Collected data entries:
□ □ □ □ □ □ □
Lemma Csum_scal_r m c f : Csum m (fun l => Cmul (f l) c) = Cmul (Csum m f) c.
Proof. induction m; simpl; [ring | rewrite IHm; ring]. Qed.

Lemma Csum_zero m f : (forall l, (l < m)%nat -> f l = C0) -> Csum m f = C0.
Proof. induction m; simpl; intros; auto. rewrite IHm, H; auto. ring. Qed.

Lemma Csum_swap m n f :
  Csum m (fun i => Csum n (fun j => f i j)) = Csum n (fun j => Csum m (fun i => f i j)).
Proof. induction m; simpl; [symmetry; apply Csum_zero; auto | rewrite IHm, <- Csum_add; reflexivity]. Qed.

Lemma Csum_shift m f : Csum (S m) f = Cadd (f O) (Csum m (fun q => f (S q))).
Proof. induction m; simpl; [ring | simpl in IHm; rewrite IHm; ring]. Qed.

Lemma dlt_sym i j : dlt i j = dlt j i.
Proof. unfold dlt. rewrite Nat.eqb_sym; auto. Qed.

Lemma Csum_dlt_l m j f : (j < m)%nat -> Csum m (fun l => Cmul (dlt l j) (f l)) = f j.
Proof.
  induction m; intros H; [lia|]. simpl. unfold dlt at 2. destruct (Nat.eq_dec j m).
  - subst. rewrite Nat.eqb_refl, Csum_zero; [ring|].
    intros l Hl. unfold dlt. replace (Nat.eqb l m) with false by (symmetry; apply Nat.eqb_neq; lia). ring.
  - rewrite IHm by lia. replace (Nat.eqb m j) with false by (symmetry; apply Nat.eqb_neq; lia). ring.
Qed.

Lemma Csum_dlt_r m j f : (j < m)%nat -> Csum m (fun l => Cmul (f l) (dlt l j)) = f j.
Proof. intros. rewrite <- (Csum_dlt_l m j f) by auto. apply Csum_ext; intros; ring. Qed.

Lemma Csum_dlt_l' m j f : (j < m)%nat -> Csum m (fun l => Cmul (dlt j l) (f l)) = f j.
Proof. intros. rewrite <- (Csum_dlt_l m j f) by auto. apply Csum_ext; intros; rewrite dlt_sym; ring. Qed.

Fixpoint Rsum (m : nat) (f : nat -> R) : R :=
  match m with O => 0 | S m' => Rsum m' f + f m' end.

Lemma sum_f_R0_Rsum f m : sum_f_R0 f m = Rsum (S m) f.
Proof. induction m; simpl; [ring | simpl in IHm; rewrite IHm; ring]. Qed.

Lemma Re_Csum m f : Re (Csum m f) = Rsum m (fun p => Re (f p)).
Proof. induction m; simpl; auto. rewrite IHm; auto. Qed.

Lemma Im_Csum m f : Im (Csum m f) = Rsum m (fun p => Im (f p)).
Proof. induction m; simpl; auto. rewrite IHm; auto. Qed.

Lemma Cnorm_Csum m f : Cnorm (Csum m f) <= Rsum m (fun p => Cnorm (f p)).
Proof.
  induction m; simpl; [rewrite Cnorm_C0; lra|].
  pose proof (Cnorm_triangle (Csum m f) (f m)). lra.
Qed.

Lemma Rsum_le m f g : (forall p, (p < m)%nat -> f p <= g p) -> Rsum m f <= Rsum m g.
Proof.
  induction m; simpl; intros H; [lra|].
  pose proof (H m ltac:(lia)). pose proof (IHm ltac:(intros; apply H; lia)). lra.
Qed.

Lemma Rsum_ext m f g : (forall p, (p < m)%nat -> f p = g p) -> Rsum m f = Rsum m g.
Proof. induction m; simpl; intros H; [lra|]. rewrite H, IHm; auto. Qed.

Lemma Rsum_scal_l m c f : Rsum m (fun p => c * f p) = c * Rsum m f.
Proof. induction m; simpl; [ring | rewrite IHm; ring]. Qed.

Lemma Rsum_nonneg m f : (forall p, 0 <= f p) -> 0 <= Rsum m f.
Proof. induction m; simpl; intros H; [lra|]. pose proof (H m). pose proof (IHm H). lra. Qed.

Lemma Rsum_ge_term m f l : (forall p, 0 <= f p) -> (l < m)%nat -> f l <= Rsum m f.
Proof.
  induction m; intros H Hl; [lia|]. simpl. destruct (Nat.eq_dec l m).
  - subst. pose proof (Rsum_nonneg m f H). lra.
  - pose proof (IHm H ltac:(lia)). pose proof (H m). lra.
Qed.

Lemma Ccv_unique u l1 l2 : Ccv u l1 -> Ccv u l2 -> l1 = l2.
Proof.
  intros H1 H2. apply Cnorm_small_eq. intros e He.
  destruct (H1 (e / 2)) as [N1 HN1]; [lra|]. destruct (H2 (e / 2)) as [N2 HN2]; [lra|].
  specialize (HN1 (max N1 N2) ltac:(lia)); specialize (HN2 (max N1 N2) ltac:(lia)).
  pose proof (Cnorm_sub_tri l1 l2 (u (max N1 N2))) as H.
  rewrite (Cnorm_sub_sym l1 (u _)) in H. lra.
Qed.

Lemma Ccv_ext u v l : (forall m, u m = v m) -> Ccv u l -> Ccv v l.
Proof. intros H. replace v with u; auto. apply functional_extensionality; auto. Qed.

Lemma Ccv_const l : Ccv (fun _ => l) l.
Proof. intros e He. exists O. intros. replace (Csub l l) with C0 by ring. rewrite Cnorm_C0; lra. Qed.

Lemma Ccv_add u v l1 l2 : Ccv u l1 -> Ccv v l2 -> Ccv (fun m => Cadd (u m) (v m)) (Cadd l1 l2).
Proof.
  intros H1 H2 e He. destruct (H1 (e / 2)) as [N1 HN1]; [lra|].
  destruct (H2 (e / 2)) as [N2 HN2]; [lra|]. exists (max N1 N2). intros m Hm.
  specialize (HN1 m ltac:(lia)); specialize (HN2 m ltac:(lia)).
  replace (Csub (Cadd (u m) (v m)) (Cadd l1 l2)) with (Cadd (Csub (u m) l1) (Csub (v m) l2)) by ring.
  pose proof (Cnorm_triangle (Csub (u m) l1) (Csub (v m) l2)). lra.
Qed.

Lemma Ccv_scal c u l : Ccv u l -> Ccv (fun m => Cmul c (u m)) (Cmul c l).
Proof.
  intros H e He. pose proof (Cnorm_ge0 c).
  destruct (H (e / (Cnorm c + 1))) as [N HN]; [apply Rdiv_lt_0_compat; lra|].
  exists N. intros m Hm. replace (Csub (Cmul c (u m)) (Cmul c l)) with (Cmul c (Csub (u m) l)) by ring.
  apply (small_prod _ _ (Cnorm c)); auto; lra.
Qed.

Lemma Ccv_opp u l : Ccv u l -> Ccv (fun m => Copp (u m)) (Copp l).
Proof.
  intros H. apply (Ccv_ext (fun m => Cmul (Copp C1) (u m))); [intros; ring|].
  replace (Copp l) with (Cmul (Copp C1) l) by ring. apply Ccv_scal; auto.
Qed.

Lemma Ccv_sub u v l1 l2 : Ccv u l1 -> Ccv v l2 -> Ccv (fun m => Csub (u m) (v m)) (Csub l1 l2).
Proof. intros. apply Ccv_add; auto. apply Ccv_opp; auto. Qed.

Lemma Ccv_shift u l : Ccv (fun m => u (S m)) l <-> Ccv u l.
Proof.
  split; intros H e He; destruct (H e He) as [N HN].
  - exists (S N). intros [|m] Hm; [lia|]. apply HN; lia.
  - exists N. intros m Hm. apply HN; lia.
Qed.

Lemma Ccv_Csum n (f : nat -> nat -> C) (L : nat -> C) :
  (forall l, (l < n)%nat -> Ccv (fun m => f m l) (L l)) ->
  Ccv (fun m => Csum n (fun l => f m l)) (Csum n L).
Proof.
  induction n; intros H; simpl; [apply Ccv_const|].
  apply Ccv_add; [apply IHn; intros; apply H; lia | apply H; lia].
Qed.

Lemma Ccv_bound u l B : (forall m, Cnorm (u m) <= B) -> Ccv u l -> Cnorm l <= B.
Proof.
  intros Hb H. apply Rnot_lt_le. intro Hlt.
  destruct (H (Cnorm l - B)) as [N HN]; [lra|]. specialize (HN N (le_n _)). specialize (Hb N).
  pose proof (Cnorm_triangle (u N) (Csub l (u N))) as Ht.
  replace (Cadd (u N) (Csub l (u N))) with l in Ht by ring.
  rewrite Cnorm_sub_sym in HN. lra.
Qed.

Lemma Ccv_ReIm u l : Un_cv (fun m => Re (u m)) (Re l) -> Un_cv (fun m => Im (u m)) (Im l) -> Ccv u l.
Proof.
  intros H1 H2 e He. destruct (H1 (e / 2)) as [N1 HN1]; [lra|].
  destruct (H2 (e / 2)) as [N2 HN2]; [lra|]. exists (max N1 N2). intros m Hm.
  specialize (HN1 m ltac:(lia)); specialize (HN2 m ltac:(lia)). unfold R_dist in *.
  pose proof (Cnorm_le_ReIm (Csub (u m) l)). unfold Csub, Cadd, Copp in *; cbn [Re Im] in *.
  unfold Rminus in *. lra.
Qed.

Lemma real_series_conv (a c : nat -> R) L : (forall p, Rabs (a p) <= c p) ->
  Un_cv (fun N => sum_f_R0 c N) L -> exists l, Un_cv (fun N => sum_f_R0 a N) l.
Proof.
  intros Hb Hc.
  destruct (Rseries_CV_comp (fun p => a p + c p) (fun p => 2 * c p)) as [l Hl].
  { intros p. pose proof (Hb p). pose proof (Rle_abs (a p)). pose proof (Rle_abs (- a p)).
    rewrite Rabs_Ropp in *. lra. }
  { exists (2 * L). apply (Un_cv_ext (fun N => 2 * sum_f_R0 c N)).
    - intros; rewrite scal_sum; apply sum_eq; intros; ring.
    - apply CV_mult; auto. intros e He. exists O; intros. unfold R_dist. rewrite Rminus_diag, Rabs_R0; lra. }
  exists (l - L). apply (Un_cv_ext (fun N => sum_f_R0 (fun p => a p + c p) N - sum_f_R0 c N)).
  - intros. rewrite <- minus_sum. apply sum_eq; intros; ring.
  - apply CV_minus; auto.
Qed.

Lemma exp_series_cv K x :
  Un_cv (fun N => sum_f_R0 (fun p => K * (x ^ p / INR (fact p))) N) (K * exp x).
Proof.
  apply (Un_cv_ext (fun N => K * E1 x N)).
  - intros; unfold E1; rewrite scal_sum; apply sum_eq; intros; unfold Rdiv; ring.
  - apply CV_mult; [|apply E1_cvg].
    intros e He. exists O; intros. unfold R_dist. rewrite Rminus_diag, Rabs_R0; lra.
Qed.

Lemma series_conv (b : nat -> C) K x :
  (forall p, Cnorm (b p) <= K * (x ^ p / INR (fact p))) -> exists l, Ccv (fun m => Csum m b) l.
Proof.
  intros Hb.
  destruct (real_series_conv (fun p => Re (b p)) _ _
              (fun p => Rle_trans _ _ _ (Re_le (b p)) (Hb p)) (exp_series_cv K x)) as [lr Hr].
  destruct (real_series_conv (fun p => Im (b p)) _ _
              (fun p => Rle_trans _ _ _ (Im_le (b p)) (Hb p)) (exp_series_cv K x)) as [li Hi].
  exists (mkC lr li). apply Ccv_shift, Ccv_ReIm; simpl.
  - apply (Un_cv_ext (fun N => sum_f_R0 (fun p => Re (b p)) N)); auto.
    intros; rewrite Re_Csum, sum_f_R0_Rsum; auto.
  - apply (Un_cv_ext (fun N => sum_f_R0 (fun p => Im (b p)) N)); auto.
    intros; rewrite Im_Csum, sum_f_R0_Rsum; auto.
Qed.
(* Let $\vec{\mathcal G}=([n],E)$ be an ergodic graph of a deterministic two-player mean-payoff game, suppose $r\in\mathcal P^{\sigma,\tau}$ for some $(\sigma,\tau)\in\Xi$, and let $\gamma$ satisfy $1>\gamma>1-\frac{1}{6n^2\Delta(r)}$. Then $(\sigma,\tau)$ is the unique pair of optimal policies in the discounted game with weights $r$ and discount factor $\gamma$. Consequently the Blackwell threshold satisfies $\gamma^*\le 1-\frac{1}{6n^2\Delta(r)}$.
   Context: Setting: directed graph $\vec{\mathcal G}=([n],E)$ without multiple edges, each vertex having an outgoing edge, $[n]=V_{\max}\uplus V_{\min}$, weights $r\in\mathbb R^E$. Ergodic equation in $(\lambda,u)$: $\lambda+u_i=\max_{(i,j)\in E}\{r_{ij}+u_j\}$ ($i\in V_{\max}$), $\lambda+u_i=\min_{(i,j)\in E}\{r_{ij}+u_j\}$ ($i\in V_{\min}$); $u$ is a bias if $(\lambda,u)$ solves it; ergodic graph: solvable for every $r$; $\lambda$ is the mean-payoff value. Policies $\sigma:V_{\max}\to[n]$, $\tau:V_{\min}\to[n]$ choose outgoing edges; a pair is bias-induced if some bias makes each chosen edge attain the max/min. $\Xi$: pairs whose induced subgraph has exactly one directed cycle; $\mathcal P^{\sigma,\tau}$: set of $r$ for which $(\sigma,\tau)$ is the only bias-induced pair. Condition number: $\Delta(r)=\dfrac{\max\{|r_{ij}-\lambda|:(i,j)\in E\}}{\min\{|r_{ij}-\lambda+u_j-u_i|:(i,j)\in E,\ r_{ij}-\lambda+u_j-u_i\ne0\}}$ ($\Delta=1$ if the denominator's set is empty). Discounted game with factor $\gamma\in(0,1)$: along play $i_0,i_1,\dots$ Max receives $(1-\gamma)\sum_{t\ge0}\gamma^t r_{i_ti_{t+1}}$; its value $\lambda^{(\gamma)}\in\mathbb R^n$ is the unique solution of $\lambda^{(\gamma)}_i=\max_{(i,j)\in E}\{(1-\gamma)r_{ij}+\gamma\lambda^{(\gamma)}_j\}$ ($i\in V_{\max}$), $\lambda^{(\gamma)}_i=\min_{(i,j)\in E}\{(1-\gamma)r_{ij}+\gamma\lambda^{(\gamma)}_j\}$ ($i\in V_{\min}$); a policy is optimal iff it uses edges attaining these maxima (resp. minima). The Blackwell threshold $\gamma^*$ is the smallest $\gamma^*\in(0,1)$ such that any policy optimal for some $\gamma\in(\gamma^*,1)$ is optimal for all $\gamma\in(\gamma^*,1)$. *)

From HB Require Import structures.
From mathcomp Require Import all_boot all_order all_algebra.
From mathcomp Require Import reals.
Set Implicit Arguments. Unset Strict Implicit. Unset Printing Implicit Defensive.
Import Order.TTheory GRing.Theory Num.Theory.
Local Open Scope ring_scope.

Section MeanPayoff.
Context {R : realType} {n : nat}.
(* Graph: vertices 'I_n, edge relation E; Vmax : pred 'I_n (Vmin = complement);
   weights r : 'I_n -> 'I_n -> R (only the values on edges matter). *)
Variables (E : rel 'I_n) (Vmax : pred 'I_n) (r : 'I_n -> 'I_n -> R).

Definition attains_max (i : 'I_n) (f : 'I_n -> R) (v : R) : Prop :=
  (exists2 j, E i j & f j = v) /\ (forall j, E i j -> f j <= v).
Definition attains_min (i : 'I_n) (f : 'I_n -> R) (v : R) : Prop :=
  (exists2 j, E i j & f j = v) /\ (forall j, E i j -> v <= f j).

Definition ergodic_sol (lam : R) (u : 'I_n -> R) : Prop :=
  forall i, if Vmax i then attains_max i (fun j => r i j + u j) (lam + u i)
            else attains_min i (fun j => r i j + u j) (lam + u i).

Definition disc_value (gamma : R) (v : 'I_n -> R) : Prop :=
  forall i, if Vmax i then attains_max i (fun j => (1 - gamma) * r i j + gamma * v j) (v i)
            else attains_min i (fun j => (1 - gamma) * r i j + gamma * v j) (v i).

Definition reduced_weight (lam : R) (u : 'I_n -> R) (i j : 'I_n) : R :=
  r i j - lam + u j - u i.

Definition Delta (lam : R) (u : 'I_n -> R) : R :=
  let num := \big[Num.max/0]_(i : 'I_n) \big[Num.max/0]_(j : 'I_n | E i j) `|r i j - lam| in
  let s := [seq `|reduced_weight lam u p.1 p.2| |
             p <- [seq p <- enum [set: 'I_n * 'I_n] |
                     E p.1 p.2 && (reduced_weight lam u p.1 p.2 != 0)]] in
  if s is x :: s' then num / foldr Num.min x s' else 1.

End MeanPayoff.

Section Policies.
Context {R : realType} {n : nat}.
Variables (E : rel 'I_n) (Vmax : pred 'I_n) (r : 'I_n -> 'I_n -> R).

Definition ergodic_graph_over (R' : realType) : Prop :=
  forall w : 'I_n -> 'I_n -> R', exists (lam : R') (u : 'I_n -> R'), ergodic_sol E Vmax w lam u.

(* A pair of policies (σ,τ) is encoded as one map pol : 'I_n -> 'I_n with
   σ = pol on Vmax and τ = pol on Vmin. *)
Definition policy_pair (pol : 'I_n -> 'I_n) : Prop := forall i, E i (pol i).
Definition max_policy (sigma : 'I_n -> 'I_n) : Prop :=
  forall i, Vmax i -> E i (sigma i).
Definition min_policy (tau : 'I_n -> 'I_n) : Prop :=
  forall i, ~~ Vmax i -> E i (tau i).

Definition bias_induced (pol : 'I_n -> 'I_n) : Prop :=
  exists lam u, ergodic_sol E Vmax r lam u /\
    forall i, r i (pol i) + u (pol i) = lam + u i.

(* Ξ : the subgraph ([n], {(i, pol i)}) has exactly one directed cycle
   (directed cycles identified up to cyclic rotation). *)
Definition is_dcycle (pol : 'I_n -> 'I_n) (c : seq 'I_n) : Prop :=
  [/\ c != [::], uniq c & cycle (frel pol) c].
Definition in_Xi (pol : 'I_n -> 'I_n) : Prop :=
  exists c, is_dcycle pol c /\
    forall c', is_dcycle pol c' -> exists k, c' = rot k c.

Definition in_P (pol : 'I_n -> 'I_n) : Prop :=
  bias_induced pol /\
  forall pol', policy_pair pol' -> bias_induced pol' -> forall i, pol' i = pol i.

Definition pair_attains (gamma : R) (v : 'I_n -> R) (pol : 'I_n -> 'I_n) : Prop :=
  forall i, v i = (1 - gamma) * r i (pol i) + gamma * v (pol i).

Definition unique_optimal_pair (gamma : R) (pol : 'I_n -> 'I_n) : Prop :=
  (exists v, disc_value E Vmax r gamma v) /\
  forall v, disc_value E Vmax r gamma v ->
    pair_attains gamma v pol /\
    forall pol', policy_pair pol' -> pair_attains gamma v pol' ->
      forall i, pol' i = pol i.

Definition max_optimal (gamma : R) (sigma : 'I_n -> 'I_n) : Prop :=
  exists v, disc_value E Vmax r gamma v /\
    forall i, Vmax i -> v i = (1 - gamma) * r i (sigma i) + gamma * v (sigma i).
Definition min_optimal (gamma : R) (tau : 'I_n -> 'I_n) : Prop :=
  exists v, disc_value E Vmax r gamma v /\
    forall i, ~~ Vmax i -> v i = (1 - gamma) * r i (tau i) + gamma * v (tau i).

Definition blackwell_property (g : R) : Prop :=
  (forall sigma, max_policy sigma ->
     (exists gamma, g < gamma < 1 /\ max_optimal gamma sigma) ->
     forall gamma, g < gamma < 1 -> max_optimal gamma sigma) /\
  (forall tau, min_policy tau ->
     (exists gamma, g < gamma < 1 /\ min_optimal gamma tau) ->
     forall gamma, g < gamma < 1 -> min_optimal gamma tau).

Definition blackwell_threshold (gs : R) : Prop :=
  0 < gs < 1 /\ blackwell_property gs /\
  forall g, 0 < g < 1 -> blackwell_property g -> gs <= g.

End Policies.

From HB Require Import structures.
From mathcomp Require Import all_boot all_order all_algebra.
From mathcomp Require Import reals.
From mathcomp Require Import ring lra zify.
Set Implicit Arguments. Unset Strict Implicit. Unset Printing Implicit Defensive.
Import Order.TTheory GRing.Theory Num.Theory.
Local Open Scope ring_scope.
Lemma prox_bin_three_point n p delta x y lam1 lam2 lam3 mu L h z a :
  0 < L -> 0 <= lam1 -> 0 < lam2 -> 0 < lam3 -> mu <= lam2 -> mu <= lam3 ->
  prox_bin n p delta x y lam1 lam2 lam3 L h z ->
  prox_model bsub (bip p) (grad_bin n p delta x y) (g_bin p lam1 lam2 lam3) L h z
    + (L + mu) / 2 * sqdist bsub (bip p) a z
  <= prox_model bsub (bip p) (grad_bin n p delta x y) (g_bin p lam1 lam2 lam3) L h a.
Proof.
  intros HL H1 H2 H3 Hm2 Hm3 Hprox. unfold prox_bin in Hprox. cbv zeta in Hprox.
  unfold prox_model, sqdist, bip, g_bin, norm1, dot, bsub. cbn [fst snd].
  set (gr := grad_bin n p delta x y h) in *.
  assert (Hzb : fst z = / (L + lam3) * soft 0 (L * fst h - fst gr)).
  { rewrite Hprox, soft_0. cbn [fst]. field. lra. }
  pose proof (soft_threshold_three_point L 0 lam3 mu (fst gr) (fst h) (fst a) (fst z)
                HL (Rle_refl 0) H3 Hm3 Hzb) as Hb.
  assert (Hw : 0 <= sumn p (fun j =>
     (snd gr j * (snd a j - snd h j) + L / 2 * ((snd a j - snd h j) * (snd a j - snd h j))
       + (lam1 * Rabs (snd a j) + lam2 / 2 * (snd a j * snd a j)))
     - (snd gr j * (snd z j - snd h j) + L / 2 * ((snd z j - snd h j) * (snd z j - snd h j))
       + (lam1 * Rabs (snd z j) + lam2 / 2 * (snd z j * snd z j))
       + (L + mu) / 2 * ((snd a j - snd z j) * (snd a j - snd z j))))).
  { apply sumn_nonneg. intros j _.
    pose proof (soft_threshold_three_point L lam1 lam2 mu (snd gr j) (snd h j) (snd a j)
      (snd z j) HL H1 H2 Hm2 ltac:(rewrite Hprox; reflexivity)). lra. }
  repeat rewrite ?sumn_sub, ?sumn_add, ?sumn_scal in Hw.
  lra.
Qed.

Lemma F_bin_nonneg n p delta x y lam1 lam2 lam3 a :
  (1 <= n)%nat -> 0 < delta -> 0 <= lam1 -> 0 < lam2 -> 0 < lam3 ->
  0 <= F_bin n p delta x y lam1 lam2 lam3 a.
Proof.
  intros Hn Hd H1 H2 H3. unfold F_bin, f_bin, g_bin.
  assert (0 <= sumn n (fun i => phiH delta (y i * (fst a + dot p (x i) (snd a)))))
    by (apply sumn_nonneg; intros; apply phiH_nonneg; exact Hd).
  assert (0 <= norm1 p (snd a)) by (apply sumn_nonneg; intros; apply Rabs_pos).
  pose proof (dot_self_ge0 p (snd a)). pose proof (pow2_ge_0 (fst a)).
  assert (0 < / INR n) by (apply Rinv_0_lt_compat, lt_0_INR; lia).
  assert (0 <= / INR n * sumn n (fun i => phiH delta (y i * (fst a + dot p (x i) (snd a)))))
    by (apply Rmult_le_pos; lra).
  assert (0 <= lam1 * norm1 p (snd a)) by (apply Rmult_le_pos; lra).
  nra.
Qed.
□ □ □ □ □ □ □
ASSIGNMENT - Using the data above, transcribe the lines that run from the line with "forall pol', policy_pair pol' -> pair_attains" to the line with "Definition blackwell_property (g", both ends kept, and output nothing else.

ANSWER FOR THE TASK -
    forall pol', policy_pair pol' -> pair_attains gamma v pol' ->
      forall i, pol' i = pol i.

Definition max_optimal (gamma : R) (sigma : 'I_n -> 'I_n) : Prop :=
  exists v, disc_value E Vmax r gamma v /\
    forall i, Vmax i -> v i = (1 - gamma) * r i (sigma i) + gamma * v (sigma i).
Definition min_optimal (gamma : R) (tau : 'I_n -> 'I_n) : Prop :=
  exists v, disc_value E Vmax r gamma v /\
    forall i, ~~ Vmax i -> v i = (1 - gamma) * r i (tau i) + gamma * v (tau i).

Definition blackwell_property (g : R) : Prop :=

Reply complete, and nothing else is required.